This quantity provides an estimate of the number of waters associated with each inhibitor, with a cutoff distance that can be tuned to capture information about the system over different ranges. To account for the molecule’s size, we then normalised this value against different quantities (e.g. volume or solvent-accessible surface area, SASA) also computed from MD simulations (see Methods), instead of molar volume which was used in the original work20. Hydration numbers were calculated using a number of fixed cutoffs as well the distance corresponding to the minima of the first and second solvation shells, determined from the hydration histograms illustrated in Supplementary Fig. S14. The latter cutoffs are tailored to each molecule individually, giving hydration numbers which approximate the number of water molecules in the first and second solvation shells surrounding the solute, respectively. We also included the number of hydrogen-bonded waters as an alternative for the hydration number.

As expected, using a greater cutoff distance produced a greater hydration number and index for a given compound, as well as a broader distribution of these values for each dataset collectively (Supplementary Fig. S7). We also found that the different hydration numbers and indices are correlated to varying degrees with IRI activity (% MGS), and that these trends were not shared between the Amino and Glyco2 datasets. This data is summarised in Fig. 3. We observed negative correlations between the hydration numbers and % MGS values for both datasets when a distance cutoff greater than 0.3 nm was used, which includes the distance corresponding to the second solvation shell. Yet, when these numbers were normalised against different size metrics to yield hydration indices, we found positive correlations with the Amino dataset and few correlations for Glyco2 (Fig. 3). For the Amino dataset, a positive correlation was observed for nearly all the different hydration indices, producing the strongest correlation when normalised by the molecular volume or weight. Meanwhile, only the indices calculated using hydrogen bonding data showed any correlation for the Glyco2 dataset, following the same positive trend. The correlations between IRI activity and size metrics individually are provided in the Supplementary Information.

Fig. 3: Hydration property heatmap.
figure 3

Heatmap showing the Pearson correlation coefficient (PCC) between % mean grain size (MGS) values and hydration numbers or hydration indices calculated using different cutoffs and size metrics for the Amino and Glyco2 datasets. Hydration indices were obtained by dividing the hydration numbers by either the molecular volume, the solvent accessible surface area (SASA) or the molecular weight (MW), as indicated. Only the hydration numbers normalised against molecular volume were used to train classification and regression models. Source data are provided as a Source Data file.

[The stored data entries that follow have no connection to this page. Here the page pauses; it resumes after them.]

(* Let $\mathbb{F}$ be a finite field, $n\ge2$, and let $S$ be an isolated subsemigroup of $M(n,\mathbb{F})$. Suppose one of the following holds: (1) $S$ contains the zero matrix; (2) $S$ contains two idempotents $e(V_1,V_2)$ and $e(V'_1,V'_2)$ of rank $n-1$ with $V_2\subseteq V'_1$; (3) $S$ contains an idempotent of rank at most $n-2$. Then $I_{n-1}\subseteq S$.
   Context: $M(n,\mathbb{F})$ is the semigroup of $n\times n$ matrices over $\mathbb{F}$, identified with linear operators on $\mathbb{F}^n$. For a direct sum decomposition $\mathbb{F}^n=V_1\oplus V_2$, $e(V_1,V_2)$ denotes the idempotent projection onto $V_1$ along $V_2$ (every idempotent of $M(n,\mathbb{F})$ is of this form). $I_{n-1}$ is the set of all matrices of rank at most $n-1$. A subsemigroup $T$ of a semigroup $S$ is isolated if for all $x\in S$ and positive integers $m$, $x^m\in T$ implies $x\in T$. *)

(* Matrices act on row vectors: x |-> x *m A. *)
From HB Require Import structures.
From mathcomp Require Import all_boot all_order all_algebra.
Set Implicit Arguments. Unset Strict Implicit. Unset Printing Implicit Defensive.
Import GRing.Theory.
Local Open Scope ring_scope.

(* m-th power of a square matrix (general n, not nec. of the form n.+1) *)
Definition mxpow (F : fieldType) (n : nat) (A : 'M[F]_n) (m : nat) : 'M[F]_n :=
  iter m (mulmx A) 1%:M.

Definition subsemigroup (F : fieldType) (n : nat) (S : {pred 'M[F]_n}) : Prop :=
  forall A B, A \in S -> B \in S -> A *m B \in S.

Definition isolated (F : fieldType) (n : nat) (S : {pred 'M[F]_n}) : Prop :=
  forall (x : 'M[F]_n) (m : nat), (0 < m)%N -> mxpow x m \in S -> x \in S.

Definition dirsum_full (F : fieldType) (n : nat) (V1 V2 : 'M[F]_n) : Prop :=
  (V1 :&: V2 == (0 : 'M[F]_n))%MS /\ (V1 + V2 == 1%:M)%MS.

Definition eproj (F : fieldType) (n : nat) (V1 V2 : 'M[F]_n) : 'M[F]_n :=
  proj_mx V1 V2.

Definition idem_mx (F : fieldType) (n : nat) (A : 'M[F]_n) : Prop :=
  A *m A = A.

(* Conjugation by an invertible matrix preserves isolated subsemigroups, an
   idempotent of rank r is conjugate to [pid_mx r], and over a finite field
   some positive power of every matrix is idempotent; so everything reduces to
   the chain of idempotents [pid_mx r].  Along this chain isolation moves both
   ways: [pid_mx (k+1)] is a product of two square roots of [pid_mx k], and
   [pid_mx k] is obtained by compressing a square root of [pid_mx (k+2)] by
   [pid_mx (k+1)].  Hence [0 = pid_mx 0] in S yields every singular matrix, an
   idempotent of rank at most n-2 descends to 0, and in case (2) the product
   e(V'_1,V'_2) e(V_1,V_2) kills V_2, so it has rank at most n-2 and one of
   its powers is such an idempotent. *)

From mathcomp Require Import all_boot all_order all_algebra zify.
Set Implicit Arguments. Unset Strict Implicit. Unset Printing Implicit Defensive.
Import GRing.Theory.
Local Open Scope ring_scope.

Section PidDelta.
Variables (F : fieldType) (n : nat).

Lemma mul_pid_delta_mx r (i j : 'I_n) :
  (pid_mx r : 'M[F]_n) *m delta_mx i j = if (i < r)%N then delta_mx i j else 0.
Proof.
apply/matrixP => k l; rewrite !mxE (bigD1 i) //= big1 ?addr0.
  rewrite !mxE eqxx /= -natrM mulnb -[(k : nat) == i]/(k == i).
  by have [->|/negPf ki] := eqVneq k i; case: ifP => h; rewrite ?mxE ?eqxx ?ki ?h.
by move=> k' /negPf k'i; rewrite !mxE k'i mulr0.
Qed.

Lemma mul_delta_pid_mx r (i j : 'I_n) :
  delta_mx i j *m (pid_mx r : 'M[F]_n) = if (j < r)%N then delta_mx i j else 0.
Proof.
apply/matrixP => k l; rewrite !mxE (bigD1 j) //= big1 ?addr0.
  rewrite !mxE eqxx andbT -natrM mulnb -[(j : nat) == l]/(j == l) (eq_sym j l).
  by have [->|/negPf lj] := eqVneq l j; case: ifP => h; rewrite ?mxE ?eqxx ?lj ?h ?andbF.
by move=> k' /negPf k'j; rewrite !mxE k'j andbF mul0r.
Qed.

Lemma pid_mxS (i : 'I_n) : (pid_mx i.+1 : 'M[F]_n) = pid_mx i + delta_mx i i.
Proof.
apply/matrixP => k l; rewrite !mxE ltnS leq_eqVlt.
rewrite -[(k : nat) == i]/(k == i) -[(k : nat) == l]/(k == l).
have [->|_] := eqVneq k i; last by rewrite addr0.
by rewrite ltnn andbF add0r andbT (eq_sym l i).
Qed.

End PidDelta.

Section MxPow.
Variables (F : fieldType) (n : nat).

Lemma mxpowS (A : 'M[F]_n) m : mxpow A m.+1 = A *m mxpow A m.
Proof. by []. Qed.

Lemma mxpowD (A : 'M[F]_n) a b : mxpow A (a + b) = mxpow A a *m mxpow A b.
Proof.
elim: a => [|a IH]; first by rewrite add0n mul1mx.
by rewrite addSn !mxpowS IH mulmxA.
Qed.

Lemma mxrank_mxpow (A : 'M[F]_n) m : (0 < m)%N -> (\rank (mxpow A m) <= \rank A)%N.
Proof. by case: m => // m _; rewrite mxpowS mxrankM_maxl. Qed.

Lemma mxpow_conj (P A : 'M[F]_n) m : P \in unitmx ->
  mxpow (invmx P *m A *m P) m = invmx P *m mxpow A m *m P.
Proof.
move=> uP; elim: m => [|m IH]; first by rewrite /mxpow /= mulmx1 mulVmx.
by rewrite !mxpowS IH !mulmxA mulmxK.
Qed.

End MxPow.

Section IsolatedSubsemigroup.
Variables (F : fieldType) (n : nat) (S : {pred 'M[F]_n}).
Hypotheses (S_mul : subsemigroup S) (S_iso : isolated S).

Lemma isolated_sqr x : x *m x \in S -> x \in S.
Proof. by move=> xxS; apply: (S_iso (m := 2)) => //; rewrite /mxpow /= mulmx1. Qed.

Lemma mxpow_mem x m : x \in S -> (0 < m)%N -> mxpow x m \in S.
Proof.
move=> xS; elim: m => [|[|m] IH] // _; first by rewrite /mxpow /= mulmx1.
exact: S_mul xS (IH _).
Qed.

Lemma pid_mx_succ_mem k : (k.+1 < n)%N -> pid_mx k \in S -> pid_mx k.+1 \in S.
Proof.
move=> lt_k1n pkS; have lt_kn := ltnW lt_k1n.
pose i := Ordinal lt_kn; pose j := Ordinal lt_k1n.
have pp : (pid_mx k : 'M[F]_n) *m (pid_mx k : 'M[F]_n) = pid_mx k.
  by rewrite pid_mx_id // ltnW.
have ji : (j == i) = false by rewrite -val_eqE /= gtn_eqF.
have jk : (j < k)%N = false by rewrite ltnNge leqnSn.
(* Both [a] and [b] square to [pid_mx k], and [a *m b = pid_mx k.+1]. *)
pose a : 'M[F]_n := pid_mx k + delta_mx i j.
pose b : 'M[F]_n := pid_mx k + delta_mx j i.
have aS : a \in S.
  apply: isolated_sqr; rewrite !mulmxDl !mulmxDr pp mul_pid_delta_mx.
  by rewrite mul_delta_pid_mx /= jk ltnn mul_delta_mx_cond ji mulr0n !addr0.
have bS : b \in S.
  apply: isolated_sqr; rewrite !mulmxDl !mulmxDr pp mul_pid_delta_mx.
  by rewrite mul_delta_pid_mx /= jk ltnn mul_delta_mx_cond eq_sym ji mulr0n !addr0.
have := S_mul aS bS; rewrite !mulmxDl !mulmxDr pp mul_pid_delta_mx mul_delta_pid_mx /=.
by rewrite jk mul_delta_mx addr0 add0r -[k]/(nat_of_ord i) -pid_mxS.
Qed.

Lemma pid_mx_pred_mem k :
  (k.+1 < n)%N -> pid_mx k.+1 \in S -> pid_mx k.+2 \in S -> pid_mx k \in S.
Proof.
move=> lt_k1n pk1S pk2S; have lt_kn := ltnW lt_k1n.
pose i := Ordinal lt_kn; pose j := Ordinal lt_k1n.
have pp : (pid_mx k : 'M[F]_n) *m (pid_mx k : 'M[F]_n) = pid_mx k.
  by rewrite pid_mx_id // ltnW.
have ji : (j == i) = false by rewrite -val_eqE /= gtn_eqF.
have jk : (j < k)%N = false by rewrite ltnNge leqnSn.
(* [x] squares to [pid_mx k.+2], and [pid_mx k.+1 *m x *m pid_mx k.+1 = pid_mx k]. *)
pose x : 'M[F]_n := pid_mx k + delta_mx i j + delta_mx j i.
have xS : x \in S.
  apply: isolated_sqr; rewrite !mulmxDl !mulmxDr pp !mul_pid_delta_mx.
  rewrite !mul_delta_pid_mx /= jk ltnn !mul_delta_mx_cond ji eq_sym ji !eqxx.
  rewrite !mulr0n !mulr1n !addr0 !add0r.
  by rewrite -[k]/(nat_of_ord i) -pid_mxS -[i.+1]/(nat_of_ord j) -pid_mxS.
have := S_mul (S_mul pk1S xS) pk1S.
rewrite /x !mulmxDr !mulmxDl !mul_pid_mx !mul_pid_delta_mx /=.
rewrite ltnSn ltnn mul0mx addr0 mul_delta_pid_mx /= ltnn addr0.
by have -> : minn n (minn (minn n (minn k.+1 k)) k.+1) = k by lia.
Qed.

Lemma pid_mx_mem_of_zero r : 0 \in S -> (r <= n.-1)%N -> pid_mx r \in S.
Proof.
move=> zS; elim: r => [|r IH] le_rn; first by rewrite pid_mx_0.
by apply: pid_mx_succ_mem; [lia | apply: IH; lia].
Qed.

Lemma zero_mem_of_pid_mx r : (r <= n - 2)%N -> pid_mx r \in S -> 0 \in S.
Proof.
elim: r => [|r IH] le_rn prS; first by rewrite pid_mx_0 in prS.
apply: IH; first lia.
by apply: pid_mx_pred_mem => //; [lia | apply: pid_mx_succ_mem => //; lia].
Qed.

End IsolatedSubsemigroup.

Section Conjugation.
Variables (F : fieldType) (n : nat) (S : {pred 'M[F]_n}) (P : 'M[F]_n).
Hypothesis uP : P \in unitmx.

Definition conj_pred : {pred 'M[F]_n} := [pred A | invmx P *m A *m P \in S].

Lemma subsemigroup_conj : subsemigroup S -> subsemigroup conj_pred.
Proof.
move=> S_mul A B; rewrite !inE => AS BS.
by have := S_mul _ _ AS BS; rewrite !mulmxA mulmxK.
Qed.

Lemma isolated_conj : isolated S -> isolated conj_pred.
Proof. by move=> S_iso x m m_gt0; rewrite !inE -mxpow_conj //; apply: S_iso. Qed.

End Conjugation.

Lemma idem_mx_similar_pid_mx (F : fieldType) n (e : 'M[F]_n) : idem_mx e ->
  exists2 P, P \in unitmx & e = invmx P *m pid_mx (\rank e) *m P.
Proof.
(* With e = L D U from Gaussian elimination, P := D U + (1 - D) L^-1 satisfies
   P e = D P, and P L = 1 + N with N ^+ 2 = 0. *)
move=> ee; set L := col_ebase e; set U := row_ebase e.
set D : 'M[F]_n := pid_mx (\rank e).
have LDU : L *m D *m U = e by exact: mulmx_ebase.
have uL : L \in unitmx by exact: col_ebase_unit.
have uU : U \in unitmx by exact: row_ebase_unit.
have DD : D *m D = D by rewrite pid_mx_id // rank_leq_col.
have DULD : D *m U *m L *m D = D.
  have : invmx L *m (e *m e) *m invmx U = invmx L *m e *m invmx U by rewrite ee.
  by rewrite -LDU !mulmxA mulVmx // mul1mx -!mulmxA mulmxV // mulmx1 !mulmxA.
pose N := D *m U *m L *m (1%:M - D).
have ND : N *m D = 0 by rewrite /N -mulmxA mulmxBl mul1mx DD subrr mulmx0.
have NN : N *m N = 0 by rewrite {2}/N !mulmxA ND !mul0mx.
have u1N : 1%:M + N \in unitmx.
  apply: (proj1 (@mulmx1_unit _ _ _ (1%:M - N) _)).
  by rewrite mulmxDl !mulmxBr !mul1mx mulmx1 NN subr0 subrK.
pose P := D *m U + (1%:M - D) *m invmx L.
have PL : P *m L = 1%:M + N.
  rewrite /P mulmxDl -[_ *m invmx L *m L]mulmxA mulVmx // mulmx1.
  by rewrite /N mulmxBr mulmx1 DULD addrCA.
have uP : P \in unitmx by rewrite -(mulmxK uL P) PL unitmx_mul u1N unitmx_inv.
have Pe : P *m e = D *m P.
  rewrite -LDU !mulmxA PL mulmxDl mul1mx ND addr0.
  by rewrite /P mulmxDr mulmxA DD mulmxA mulmxBr mulmx1 DD subrr mul0mx addr0.
by exists P => //; rewrite -mulmxA -Pe mulmxA mulVmx // mul1mx.
Qed.

Section FiniteField.
Variables (F : finFieldType) (n : nat).

Lemma mxpow_eventually_periodic (A : 'M[F]_n) :
  exists i p, (0 < p)%N /\ forall m, (i <= m)%N -> mxpow A (m + p) = mxpow A m.
Proof.
pose f (i : 'I_#|{: 'M[F]_n}|.+1) := mxpow A i.
have /injectivePn[i [j neq_ij fij]] : ~~ injectiveb f.
  by apply/injectiveP => /leq_card; rewrite card_ord ltnn.
wlog lt_ij : i j neq_ij fij / (i < j)%N.
  move=> base; case: (ltngtP i j) => [|lt_ji|/val_inj eq_ij]; first exact: base.
    by apply: (base j i); rewrite // eq_sym.
  by rewrite eq_ij eqxx in neq_ij.
exists i, (j - i)%N; split=> [|m le_im]; first by rewrite subn_gt0.
have -> : (m + (j - i) = (m - i) + j)%N by lia.
by rewrite mxpowD -[mxpow A j]/(f j) -fij -mxpowD subnK.
Qed.

Lemma mxpow_idem (A : 'M[F]_n) : exists2 k, (0 < k)%N & idem_mx (mxpow A k).
Proof.
have [i [p [p_gt0 periodic]]] := mxpow_eventually_periodic A.
have periodicM t m : (i <= m)%N -> mxpow A (m + t * p) = mxpow A m.
  move=> le_im; elim: t => [|t IH]; first by rewrite addn0.
  by rewrite mulSn addnA addnAC periodic ?IH // (leq_trans le_im) ?leq_addr.
exists (i.+1 * p)%N; first by rewrite muln_gt0.
by rewrite /idem_mx -mxpowD periodicM // (leq_trans (leqnSn i)) ?leq_pmulr.
Qed.

End FiniteField.

Section Projections.
Variables (F : fieldType) (n : nat).

Lemma mxrank_proj_mx (U V : 'M[F]_n) :
  (U :&: V = 0)%MS -> \rank (proj_mx U V) = \rank U.
Proof.
move=> capUV; apply/eqP; rewrite eqn_leq; apply/andP; split.
  by rewrite -[proj_mx U V]mul1mx mxrankS ?proj_mx_sub.
by rewrite -{1}(proj_mx_id capUV (submx_refl U)) mxrankM_maxr.
Qed.

Lemma mxrank_mul_proj_mx (V1 V2 W1 W2 : 'M[F]_n) :
  (V1 :&: V2 = 0)%MS -> (V2 <= W1)%MS ->
  (\rank (proj_mx W1 W2 *m proj_mx V1 V2) + \rank V2 <= \rank W1)%N.
Proof.
move=> capV sV2W1; rewrite -(mxrank_mul_ker W1 (proj_mx V1 V2)); apply: leq_add.
  by rewrite mxrankS // submxMr // -[proj_mx W1 W2]mul1mx proj_mx_sub.
apply: mxrankS; rewrite sub_capmx sV2W1 sub_kermx proj_mx_0 ?eqxx //.
Qed.

Lemma mxrank_mul_eproj (V1 V2 W1 W2 : 'M[F]_n) :
  dirsum_full V1 V2 -> dirsum_full W1 W2 -> (V2 <= W1)%MS ->
  \rank (eproj V1 V2) = n.-1 -> \rank (eproj W1 W2) = n.-1 ->
  (\rank (eproj W1 W2 *m eproj V1 V2) <= n - 2)%N.
Proof.
move=> [/eqmx0P capV sumV] [/eqmx0P capW _] sV2W1.
rewrite /eproj !mxrank_proj_mx // => rV1 rW1.
have := mxrank_sum_cap V1 V2; rewrite capV mxrank0 (eqmxP sumV) mxrank1 rV1.
have := mxrank_mul_proj_mx W2 capV sV2W1; rewrite rW1; lia.
Qed.

End Projections.

Lemma zero_mem_of_idem (F : fieldType) n (S : {pred 'M[F]_n}) (e : 'M[F]_n) :
  subsemigroup S -> isolated S -> e \in S -> idem_mx e -> (\rank e <= n - 2)%N ->
  0 \in S.
Proof.
move=> S_mul S_iso eS ee le_e; have [P uP eE] := idem_mx_similar_pid_mx ee.
have: pid_mx (\rank e) \in conj_pred S P by rewrite inE -eE.
move/(zero_mem_of_pid_mx (subsemigroup_conj uP S_mul) (isolated_conj uP S_iso) le_e).
by rewrite inE mulmx0 mul0mx.
Qed.

Lemma mem_of_zero_mem (F : finFieldType) n (S : {pred 'M[F]_n}) (A : 'M[F]_n) :
  subsemigroup S -> isolated S -> 0 \in S -> (\rank A <= n.-1)%N -> A \in S.
Proof.
move=> S_mul S_iso zS le_A; have [k k_gt0 idem_Ak] := mxpow_idem A.
apply: (S_iso _ _ k_gt0); have [P uP ->] := idem_mx_similar_pid_mx idem_Ak.
have zS' : 0 \in conj_pred S P by rewrite inE mulmx0 mul0mx.
have le_Ak := leq_trans (mxrank_mxpow A k_gt0) le_A.
have S'_mul := subsemigroup_conj uP S_mul; have S'_iso := isolated_conj uP S_iso.
by have := pid_mx_mem_of_zero S'_mul S'_iso zS' le_Ak.
Qed.

Lemma idem_mem_of_eproj (F : finFieldType) n (S : {pred 'M[F]_n})
    (V1 V2 W1 W2 : 'M[F]_n) :
  subsemigroup S -> dirsum_full V1 V2 -> dirsum_full W1 W2 -> (V2 <= W1)%MS ->
  eproj V1 V2 \in S -> eproj W1 W2 \in S ->
  \rank (eproj V1 V2) = n.-1 -> \rank (eproj W1 W2) = n.-1 ->
  exists e : 'M[F]_n, [/\ e \in S, idem_mx e & (\rank e <= n - 2)%N].
Proof.
move=> S_mul dV dW sV2W1 eVS eWS rV rW.
have qS := S_mul _ _ eWS eVS.
have [k k_gt0 idem_qk] := mxpow_idem (eproj W1 W2 *m eproj V1 V2).
exists (mxpow (eproj W1 W2 *m eproj V1 V2) k); split=> //; first exact: mxpow_mem.
exact: leq_trans (mxrank_mxpow _ k_gt0) (mxrank_mul_eproj dV dW sV2W1 rV rW).
Qed.

Unset Implicit Arguments.
Set Strict Implicit.

Theorem lemma27 (F : finFieldType) (n : nat) (hn : (2 <= n)%N)
  (S : {pred 'M[F]_n}) :
  subsemigroup S -> isolated S ->
  ( (0 : 'M[F]_n) \in S
    \/ (exists V1 V2 W1 W2 : 'M[F]_n,
          [/\ dirsum_full V1 V2 /\ dirsum_full W1 W2,
              eproj V1 V2 \in S /\ eproj W1 W2 \in S,
              \rank (eproj V1 V2) = n.-1 /\ \rank (eproj W1 W2) = n.-1
            & (V2 <= W1)%MS])
    \/ (exists e : 'M[F]_n, [/\ e \in S, idem_mx e & (\rank e <= n - 2)%N]) ) ->
  forall A : 'M[F]_n, (\rank A <= n.-1)%N -> A \in S.
Proof.
move=> S_mul S_iso cases A le_A; apply: mem_of_zero_mem => //.
case: cases => [//|[[V1 [V2 [W1 [W2 [[dV dW] [eVS eWS] [rV rW] sV2W1]]]]]|]].
  have [e [eS ee le_e]] := idem_mem_of_eproj S_mul dV dW sV2W1 eVS eWS rV rW.
  exact: zero_mem_of_idem S_mul S_iso eS ee le_e.
by case=> e [eS ee le_e]; apply: zero_mem_of_idem S_mul S_iso eS ee le_e.
Qed.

Tam and colleagues previously showed that experimentally-derived hydration indices for a set of nine mono- and disaccharides gave a strong negative correlation with MGS measurements20. This finding gave support to a hypothesised IRI mechanism, wherein compounds with greater hydration (indices) cause more disruption to the ordering of surrounding quasi-liquid layer (QLL)/bulk water, increasing the energy associated with the transfer of bulk water to a growing ice crystal via the QLL and consequently slowing ice growth20. Our computational hydration indices, both for this same set of nine sugars, as well as the entire Glyco2 and Amino datasets, did not reproduce this correlation, irrespective of the cutoff distance used: instead, we observed a moderate positive correlation with % MGS values (PCC ≈ 0.5) for the Amino dataset, and limited correlation for the Glyco dataset (PCC  ≈ 0.3). Note that a positive correlation indicates that more ‘hydrated’ molecules display weaker IRI.

Although our results are not in agreement with previous findings, these correlations do explain why the hydration indices were an effective ML descriptor for the amino acids, but not the carbohydrates. Moreover, is important to emphasise that whilst our computational hydration index is inspired by the previous work of Tam and colleagues20, the values obtained using our method are not equivalent to those calculated using experimental data. Indeed, when the computational and experimental indices were compared for the set of mono- and disaccharides examined by Tam et al. 20, they showed only weak correlation (Supplementary Fig. S8). However, in light of limited experimental molar volume and compressibility coefficient data, a computational approach allows a hydration index to be calculated for virtually any chemical structure. Our analysis therefore included  ~300 data points, encompassing highly active to inactive materials, compared to nine relatively inactive carbohydrates investigated in the aforementioned work. The size of these samples makes it challenging to draw comparative conclusions, as it is possible the previously reported trend may not hold for a larger set of small molecules, especially more active inhibitors. Overall, our computational hydration numbers and indices, derived in a different fashion but using similar intuition to the experimental properties, suggest a different interpretation. While it is not possible to draw a causal relationship between hydration parameters and the mechanism of IRI, these results challenge the notion that hydration is a robust correlate of IRI for small molecules, and call for a review of this property and the hydration hypothesis.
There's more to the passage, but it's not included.